Similarly, when asked whether an individual has a Fifth Amendment right to refuse to produce private documents demanded by grand jury subpoena, issued to the individual in his personal capacity, many criminal defense attorneys also might answer, “No.” But they would not be entirely correct. Although the Fifth Amendment generally does not shield the incriminating contents of private documents, criminal practitioners often overlook, and sometimes misunderstand, a somewhat elusive jurisprudential rule called the “act of production doctrine.” Under the doctrine, an individual can assert his Fifth Amendment privilege against self-incrimination and refuse to produce subpoenaed documents where the act of producing them is incriminating in itself, regardless of the contents of the documents.
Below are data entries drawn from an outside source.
(* Let $F$ be a pseudo-Boolean formula and let $(\mathcal{C},\mathcal{D},\mathcal{O},\mathcal{S},\vec z,\vec a)$ be a configuration satisfying the standing invariants below that is weakly $F$-valid. Suppose that a PB constraint $C$ and a substitution $\omega$ satisfy: $C$ contains no variable of $\vec a$; no variable is mapped by $\omega$ to a literal over a variable of $\vec a$; and there is a cutting planes derivation $\mathcal{C}\cup\mathcal{D}\cup\{\neg C\}\cup\mathcal{S}(\vec z{\upharpoonright}_\omega,\vec z,\vec a)\vdash(\mathcal{C}\cup\mathcal{D}\cup\{C\}){\upharpoonright}_\omega\cup\mathcal{O}(\vec z{\upharpoonright}_\omega,\vec z,\vec a)$ (i.e., the transition to $(\mathcal{C},\mathcal{D}\cup\{C\},\mathcal{O},\mathcal{S},\vec z,\vec a)$ is a valid application of the redundance rule). Then $(\mathcal{C},\mathcal{D}\cup\{C\},\mathcal{O},\mathcal{S},\vec z,\vec a)$ is also weakly $F$-valid.
   Context: A literal is $x$ or $\bar x=1-x$; a PB constraint is $\sum_i a_i\ell_i\ge A$ with negation $\neg C\doteq\sum_i a_i\bar\ell_i\ge\sum_i a_i-A+1$; formulas are sets of PB constraints; $\vdash$ is cutting planes derivability (sound). Substitutions $\omega$ map variables to $0,1$ or literals, with $\omega(\bar x)=\overline{\omega(x)}$, $\mathrm{supp}(\omega)=\{x:\omega(x)\ne x\}$, $F{\upharpoonright}_\omega$ the result of applying $\omega$ to each literal of each constraint, $\vec z{\upharpoonright}_\omega=\omega(z_1),\dots,\omega(z_n)$, $(\alpha\circ\omega)(x)=\alpha(\omega(x))$. A formula $\mathcal{S}(\vec x,\vec a)=\{C_1,\dots,C_m\}$ is a specification over $\vec a$ if there are substitutions $\omega_i$ with $\mathrm{supp}(\omega_i)\subseteq\vec a$ such that $\{C_1,\dots,C_{i-1},\neg C_i\}\vdash\{C_1{\upharpoonright}_{\omega_i},\dots,C_i{\upharpoonright}_{\omega_i}\}$ for each $i$. Given formulas $\mathcal{O}(\vec u,\vec v,\vec a)$, $\mathcal{S}(\vec u,\vec v,\vec a)$ ($\vec u,\vec v$ of length $n$) and a list $\vec z$ of $n$ variables, $\alpha\preceq\beta$ holds iff there is an assignment $\rho$ to $\vec a$ with $\mathcal{S}(\vec z{\upharpoonright}_\alpha,\vec z{\upharpoonright}_\beta,\vec a{\upharpoonright}_\rho)\wedge\mathcal{O}(\vec z{\upharpoonright}_\alpha,\vec z{\upharpoonright}_\beta,\vec a{\upharpoonright}_\rho)$ true. A configuration is a tuple $(\mathcal{C},\mathcal{D},\mathcal{O},\mathcal{S},\vec z,\vec a)$ of formulas $\mathcal{C}$ (core), $\mathcal{D}$ (derived), $\mathcal{O},\mathcal{S}$ and disjoint variable lists $\vec z,\vec a$, satisfying the standing invariants: (1) there are cutting planes derivations $\mathcal{S}(\vec x,\vec x,\vec a)\vdash\mathcal{O}(\vec x,\vec x,\vec a)$ and $\mathcal{S}(\vec x,\vec y,\vec a)\cup\mathcal{O}(\vec x,\vec y,\vec a)\cup\mathcal{S}(\vec y,\vec z',\vec b)\cup\mathcal{O}(\vec y,\vec z',\vec b)\cup\mathcal{S}(\vec x,\vec z',\vec c)\vdash\mathcal{O}(\vec x,\vec z',\vec c)$ for fresh variable lists; (2) $\mathcal{S}$ is a specification over $\vec a$; (3) the variables of $\vec a$ occur only in $\mathcal{O}$ and $\mathcal{S}$ and are disjoint from $\vec z$. Assignments satisfying $\mathcal{C}\cup\mathcal{D}$ are total assignments to the non-auxiliary variables (they do not assign $\vec a$). The configuration is weakly $F$-valid if (1) if $F$ is satisfiable then $\mathcal{C}$ is satisfiable, and (2) for every assignment $\alpha$ satisfying $\mathcal{C}$ there is an assignment $\alpha'$ satisfying $\mathcal{C}\cup\mathcal{D}$ with $\alpha'\preceq\alpha$. *)

From Stdlib Require List.
From mathcomp Require Import all_boot all_order all_algebra.
Set Implicit Arguments. Unset Strict Implicit. Unset Printing Implicit Defensive.
Import Order.TTheory GRing.Theory Num.Theory.
Local Open Scope ring_scope.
The doctrine is based on the concept that, in certain situations, the very act of disclosing documents to the government can have a testimonial aspect which, if compelled and incriminating, is equivalent to compelled incriminating oral testimony, which is protected by the Fifth Amendment.
I. The Fifth Amendment
The government violates the Fifth Amendment when it seeks to compel an individual to testify to information that can be used to prosecute the individual for a crime or which provides a link in the chain of evidence needed to prosecute. The Fifth Amendment provides, in pertinent part, that “[n]o person . . . shall be compelled in any criminal case to be a witness against himself.” The privilege against self-incrimination extends not only “to answers that would in themselves support a conviction under a federal criminal statute but likewise embraces those which would furnish a link in the chain of evidence needed to prosecute . . . [an individual] for a federal crime.” The mere possibility of criminal prosecution is all that is needed to properly invoke the privilege. In fact, a witness may properly assert the Fifth Amendment while simultaneously maintaining his innocence. This is true because the privilege protects even “innocent men . . . who otherwise might be ensnared by ambiguous circumstances.”
In order to successfully assert the privilege against self-incrimination, a witness must demonstrate that the information sought by the government is 1) compelled, 2) incriminating, and 3) testimonial. The first two elements—compelled and incriminating—are rarely at issue. “Compelled” simply means not voluntarily given. “Incriminating” means that the information demanded tends to show guilt or furnishes a link in a chain of evidence needed to prosecute. However, the meaning of the third element—testimonial—is not so clear and has been the focus of much debate by scholars and in the courts.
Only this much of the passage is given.